Many brands have found that an over-reliance on in-house teams and their limited exposure to other companies and industries has led to moderate brand growth. Recent reports point to a recurring theme: in-house teams struggle with recruiting the talent that gravitates to the agency environment. In turn, brands are returning to agencies for that final “push” to innovate, accelerate growth, and keep ahead of industry trends.

Agencies cannot afford to lose what sets them apart: the inventive, diverse, passionate individuals that make this possible. They are the lifeblood of our work.

This concept underpins the philosophy of many family-owned and independent firms, but the industry as a whole needs to disavow revolving door stereotypes and listen closer to employee demands.
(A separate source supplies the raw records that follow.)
(* For every $\beta\in\Psi^+$ and $i\in\{0,1\}$ there exist $a_1,a_2\in W({\rm G}_2)$, $j\in\{0,1\}$ and $t\in\mathbb{Z}$ such that $e_\beta e_i=\delta^ta_1e_ja_2$ in ${\rm Br}({\rm G}_2)$.
   Context: Let $\delta$ be an indeterminate. ${\rm Br}({\rm G}_2)$ is the $\mathbb{Z}[\delta^{\pm1}]$-algebra generated by $r_0,r_1,e_0,e_1$ subject to the following relations: - $r_0^2=r_1^2=1$; - $r_ie_i=e_ir_i=e_i$ for $i=0,1$; - $e_0^2=\delta^3e_0$ and $e_1^2=\delta e_1$; - $r_0e_1e_0=r_1e_0$ and $e_0e_1r_0=e_0r_1$; - $e_1r_0e_1r_0e_1=e_1$ and $e_1r_0e_1r_0r_1=e_1r_0r_1r_0$; - $e_0r_1e_0=\delta^2e_0$; - $r_1r_0e_1r_0e_1=r_0r_1r_0e_1$; - $(r_1r_0)^6=1$. Let $\Psi$ be a root system of type ${\rm G}_2$ with simple roots $\beta_0$ (short) and $\beta_1$ (long), and positive roots $\Psi^+=\{\beta_0,\beta_1,\beta_0+\beta_1,2\beta_0+\beta_1,3\beta_0+\beta_1,3\beta_0+2\beta_1\}$. $W({\rm G}_2)$ is generated by the reflections $s_0,s_1$ in $\beta_0,\beta_1$. The subgroup of units of ${\rm Br}({\rm G}_2)$ generated by $r_0,r_1$ is isomorphic to $W({\rm G}_2)$ via $r_i\mapsto s_i$, and elements of $W({\rm G}_2)$ are identified with their images. For $\beta\in\Psi^+$, choose $w\in W({\rm G}_2)$ and $k\in\{0,1\}$ with $w\beta_k=\beta$, and set $e_\beta=we_kw^{-1}$. This is independent of the choice of $w$ and $k$. *)

From HB Require Import structures.
From mathcomp Require Import all_boot all_order all_algebra.
Set Implicit Arguments. Unset Strict Implicit. Unset Printing Implicit Defensive.
Import Order.TTheory GRing.Theory Num.Theory.
Local Open Scope ring_scope.

(* A root is encoded by its coordinates (c0, c1) in the basis beta_0 (short),
   beta_1 (long): c0 * beta_0 + c1 * beta_1.  Pairings with coroots:
   <beta_0, beta_0^v> = 2, <beta_1, beta_0^v> = -3,
   <beta_0, beta_1^v> = -1, <beta_1, beta_1^v> = 2. *)
Definition G2root := (int * int)%type.

Definition simple_root (k : 'I_2) : G2root :=
  if k == ord0 then (1%:Z, 0%:Z) else (0%:Z, 1%:Z).

(* s_i x = x - <x, beta_i^v> beta_i *)
Definition refl (i : 'I_2) (x : G2root) : G2root :=
  if i == ord0 then (x.1 - (2 * x.1 - 3 * x.2), x.2)
  else (x.1, x.2 - (2 * x.2 - x.1)).

(* An element of W(G2) is given by a word [:: i1; ...; in] in the generators,
   standing for s_{i1} s_{i2} ... s_{in}. *)
Definition wact (w : seq 'I_2) (x : G2root) : G2root := foldr refl x w.

Definition pos_roots : seq G2root :=
  [:: (1%:Z, 0%:Z); (0%:Z, 1%:Z); (1%:Z, 1%:Z); (2%:Z, 1%:Z);
      (3%:Z, 1%:Z); (3%:Z, 2%:Z)].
When you show your employees that you care, the work is always better.

Support employees with attractive work environments and competitive compensation packages that keep up with external hiring competition. Continue pushing for diversity across the board in hiring, services and client selection to encourage the kind of experimentation that would be difficult to contain in an in-house operation.

Serve as a leader 

An exploration of new kinds of collaborations between agencies and clients is starting, and we are the ones that need to lead the way in defining these new relationships by remembering the following:

It’s all about the work, and it’s always about the client.

Many companies that once turned down larger agencies for in-housing have now found a personal, service-focused approach in smaller shops. Their nimbleness has adapted well to new partnership models, including hybrid in-house/agency collaborations.

This dedication to the craft of advertising as a service is essential for all agencies, big and small. Agencies need to step up and look at in-house teams not as competition but as inspiration for providing better service and producing better work.

Double-down on the big idea

All investment in leadership and talent serves one purpose: creating big ideas. Without great thinking, and without the ability to recognize and support the makers, there is not much purpose to agency work.